» Task objective:
Sift the material for lines containing "tuple", and return them.

----------

(* $\mathbf{Fin}<_{\mathrm{Learn}} Id <_{\mathrm{Learn}} \mathbf{co}$, and $\mathbf{Fin}\equiv^{\mathrm{fin}}_{\mathrm{Learn}} Id\equiv^{\mathrm{fin}}_{\mathrm{Learn}}\mathbf{co}$. That is: every $\mathbf{Fin}$-learnable family is $Id$-learnable, every $Id$-learnable family is $\mathbf{co}$-learnable, there is an $Id$-learnable family that is not $\mathbf{Fin}$-learnable, there is a $\mathbf{co}$-learnable family that is not $Id$-learnable, and for finite families the three notions coincide.
   Context: All structures are countable, have domain $\mathbb{N}$, are in a finite relational signature, and are identified with their atomic diagrams (elements of $2^{\mathbb{N}}$). A family of structures $\mathfrak{K}$ is a countable set of pairwise nonisomorphic such structures. $\mathcal{S}\restriction_s$ is the finite substructure of $\mathcal{S}$ on $\{0,\dots,s\}$. $\mathrm{LD}(\mathfrak{K})\subseteq 2^{\mathbb{N}}$ is the set of structures with domain $\mathbb{N}$ isomorphic to a member of $\mathfrak{K}$ (subspace topology). The hypothesis space is $\{\ulcorner\mathcal{A}\urcorner:\mathcal{A}\in\mathfrak{K}\}\cup\{?\}$; a learner is an arbitrary function from $\{\mathcal{S}\restriction_s:\mathcal{S}\in\mathrm{LD}(\mathfrak{K})\}$ to the hypothesis space. $\mathbf{Fin}$-learnable: some learner $\mathbf{M}$ such that for each $\mathcal{S}\in\mathrm{LD}(\mathfrak{K})$ there is $s_0$ with $\mathbf{M}(\mathcal{S}\restriction_t)=?$ for $t<s_0$ and $\mathbf{M}(\mathcal{S}\restriction_t)=\ulcorner\mathcal{A}\urcorner$ for $t\ge s_0$, where $\mathcal{A}\cong\mathcal{S}$. $\mathbf{co}$-learnable: some learner $\mathbf{M}$ such that for each $\mathcal{S}\in\mathrm{LD}(\mathfrak{K})$, $\{\mathbf{M}(\mathcal{S}\restriction_s):s\}\setminus\{?\}=\{\ulcorner\mathcal{B}\urcorner:\mathcal{B}\in\mathfrak{K},\mathcal{B}\neq\mathcal{A}\}$ where $\mathcal{A}\cong\mathcal{S}$. For an equivalence relation $E$ on a space $X$, $\mathfrak{K}$ is $E$-learnable if there is a continuous $\Gamma:\mathrm{LD}(\mathfrak{K})\to X$ with $\mathcal{S}\cong\mathcal{S}'\iff\Gamma(\mathcal{S})\,E\,\Gamma(\mathcal{S}')$ for all $\mathcal{S},\mathcal{S}'\in\mathrm{LD}(\mathfrak{K})$. $Id$ is equality on Baire space $\mathbb{N}^{\mathbb{N}}$. For learning criteria $X,Y$ (learning paradigms or equivalence relations): $X\leq_{\mathrm{Learn}}Y$ means every $X$-learnable family is $Y$-learnable; $X\leq^{\mathrm{fin}}_{\mathrm{Learn}}Y$ means every finite $X$-learnable family is $Y$-learnable; $<$ means $\leq$ and not $\geq$; $\equiv$ means both directions. *)

From Stdlib Require List.
From mathcomp Require Import all_boot.
Set Implicit Arguments. Unset Strict Implicit. Unset Printing Implicit Defensive.

(* A structure with domain nat is identified with its atomic diagram:
   for every symbol r and every (ar r)-tuple of naturals, a bit. *)
Definition structure (n : nat) (ar : 'I_n -> nat) : Type :=
  forall r : 'I_n, (ar r).-tuple nat -> bool.

Definition iso (n : nat) (ar : 'I_n -> nat) (S S' : structure ar) : Prop :=
  exists f : nat -> nat, bijective f /\
    forall (r : 'I_n) (t : (ar r).-tuple nat), S r t = S' r (map_tuple f t).

Definition agree_upto (n : nat) (ar : 'I_n -> nat) (s : nat)
  (S S' : structure ar) : Prop :=
  forall (r : 'I_n) (t : (ar r).-tuple nat),
    all (fun x => x <= s) t -> S r t = S' r t.

Definition struct_family (n : nat) (ar : 'I_n -> nat) (I : Type)
  (A : I -> structure ar) : Prop :=
  (exists c : I -> nat, injective c) /\
  (forall i j : I, iso (A i) (A j) -> i = j).

Definition finite_family (I : Type) : Prop :=
  exists l : list I, forall i : I, Stdlib.Lists.List.In i l.

Definition LD (n : nat) (ar : 'I_n -> nat) (I : Type)
  (A : I -> structure ar) (S : structure ar) : Prop :=
  exists i : I, iso (A i) S.

(* A learner: maps S|_s (for S in LD(K)) to a hypothesis in
   {code of A i} u {?}, coded as option I (None = ?).  We represent it as a
   function of s and S that depends only on S|_s. *)
Definition learner (n : nat) (ar : 'I_n -> nat) (I : Type)
  (A : I -> structure ar) (M : nat -> structure ar -> option I) : Prop :=
  forall (s : nat) (S S' : structure ar), LD A S -> LD A S' ->
    agree_upto s S S' -> M s S = M s S'.

Definition Fin_learnable (n : nat) (ar : 'I_n -> nat) (I : Type)
  (A : I -> structure ar) : Prop :=
  exists M, learner A M /\
    forall S, LD A S -> exists s0 : nat,
      (forall t, t < s0 -> M t S = None) /\
      (exists i, iso (A i) S /\ forall t, s0 <= t -> M t S = Some i).

Definition co_learnable (n : nat) (ar : 'I_n -> nat) (I : Type)
  (A : I -> structure ar) : Prop :=
  exists M, learner A M /\
    forall S, LD A S -> forall i, iso (A i) S ->
      forall j : I, (exists s, M s S = Some j) <-> j <> i.

(* Continuity of Gamma : LD(K) -> Baire space (subspace of 2^N with the
   product topology; with a finite signature, basic opens are determined by
   finite restrictions S|_s). *)
Definition continuous_on_LD (n : nat) (ar : 'I_n -> nat) (I : Type)
  (A : I -> structure ar) (G : structure ar -> nat -> nat) : Prop :=
  forall S, LD A S -> forall k : nat, exists s : nat,
    forall S', LD A S' -> agree_upto s S S' -> G S' k = G S k.

(* E-learnability for E = Id, equality on Baire space. *)
Definition Id_learnable (n : nat) (ar : 'I_n -> nat) (I : Type)
  (A : I -> structure ar) : Prop :=
  exists G : structure ar -> nat -> nat, continuous_on_LD A G /\
    forall S S', LD A S -> LD A S' ->
      (iso S S' <-> (forall k, G S k = G S' k)).

(* Fin => Id: a Fin-learner settles on the correct index after a finite part
   of the input, so the index of the isomorphism class is a locally constant
   complete invariant.  Id => co: if G S and G (A j) differ at some coordinate,
   that coordinate is fixed on a neighbourhood of S, so seeing enough of S
   certifies that S is not a copy of A j.  For a finite family a co-learner
   eventually lists every wrong index, and the single index left is the answer.

   The separating families consist of disjoint unions of cycles.  In
   [cycles_odd_at i] the lengths are 2, 4, 6, ... except that 2i becomes
   2i + 1; having a cycle of length 2k + 3 (resp. 2k + 2) is an open property
   saying i = k + 1 (resp. i <> k + 1), which gives Id-learnability, while
   [cycles_odd_at 0] is a limit of [cycles_odd_at i] for i -> oo, which rules
   out Fin.  In [cycles_two_at i] the lengths are 3, 4, 5, ... except that
   i + 2 becomes 2; a cycle of length j + 2 certifies j <> i, giving
   co-learnability, but copies of [cycles_two_at n] approximate both
   [cycles_two_at 0] and [cycles_two_at 1], which rules out Id. *)

From mathcomp Require Import all_boot zify.
From Stdlib Require Import Classical ClassicalEpsilon FunctionalExtensionality PropExtensionality.
From Stdlib Require Cantor.
Set Implicit Arguments. Unset Strict Implicit. Unset Printing Implicit Defensive.
(* For every $\varepsilon>0$ and every integer $s\ge1$ there exists a $d$-regular $K_{s+2}$-saturated graph on $n$ vertices with $d/n<\varepsilon$. Moreover, for every integer $s\ge 1$ there exists an infinite sequence of graphs $F_m$, where $F_m$ is $d_m$-regular, $K_{s+2}$-saturated and has $n_m$ vertices, such that $\frac{d_m}{n_m}=O_s\!\left(\frac{(\log\log n_m)^2}{\log n_m}\right)$.
   Context: All graphs are finite and simple. For a graph $F$, a graph $G$ is $F$-saturated if $G$ contains no copy of $F$, but adding any edge between two non-adjacent vertices of $G$ creates a copy of $F$. $K_r$ denotes the complete graph on $r$ vertices. $O_s$ means the implied constant may depend on $s$. *)

From mathcomp Require Import all_boot.
From Stdlib Require Import Reals.
Set Implicit Arguments. Unset Strict Implicit. Unset Printing Implicit Defensive.

Definition simple_graph (V : finType) (e : rel V) : Prop :=
  (forall x y, e x y = e y x) /\ (forall x, ~~ e x x).

Definition regular (V : finType) (e : rel V) (d : nat) : Prop :=
  forall v : V, #|[set w | e v w]| = d.

Definition has_clique (V : finType) (e : rel V) (r : nat) : Prop :=
  exists S : {set V}, #|S| = r /\
    (forall x y, x \in S -> y \in S -> x != y -> e x y).

Definition add_edge (V : finType) (e : rel V) (x y : V) : rel V :=
  fun u v => e u v || ((u == x) && (v == y)) || ((u == y) && (v == x)).

Definition Kr_saturated (V : finType) (e : rel V) (r : nat) : Prop :=
  ~ has_clique e r /\
  (forall x y : V, x != y -> ~~ e x y -> has_clique (add_edge e x y) r).

(* Take as vertices the words of length k = C(s+2,2) e + 1 over an alphabet
   of s+1 letters, two words being adjacent when they agree in at most e
   positions.  Among s+2 words every position has a repeated letter, so some
   pair agrees in more than k / C(s+2,2) > e positions: there is no K_{s+2}.
   Conversely, if x and y agree in more than e positions, one can write down
   s+2 words containing x and y in which every position is shared by exactly
   one pair, the pair {x,y} owning the positions where x and y agree and every
   other pair owning at most e positions; this is a K_{s+2} once xy is added.
   The graph is vertex transitive, and its degree is a lower binomial tail
   which is at most a 4/(e+1) fraction of the n = (s+1)^k vertices, while
   log n is of order e. *)
From mathcomp Require Import all_boot fingroup perm.
From Stdlib Require Import Reals Lra.
(* Re-imported so that [^] on [nat] is [expn] again, not Stdlib's [Nat.pow]. *)
From mathcomp Require Import ssrnat zify.
Set Implicit Arguments. Unset Strict Implicit. Unset Printing Implicit Defensive.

----------

» Task solution:
   for every symbol r and every (ar r)-tuple of naturals, a bit. *)
  forall r : 'I_n, (ar r).-tuple nat -> bool.
    forall (r : 'I_n) (t : (ar r).-tuple nat), S r t = S' r (map_tuple f t).
  forall (r : 'I_n) (t : (ar r).-tuple nat),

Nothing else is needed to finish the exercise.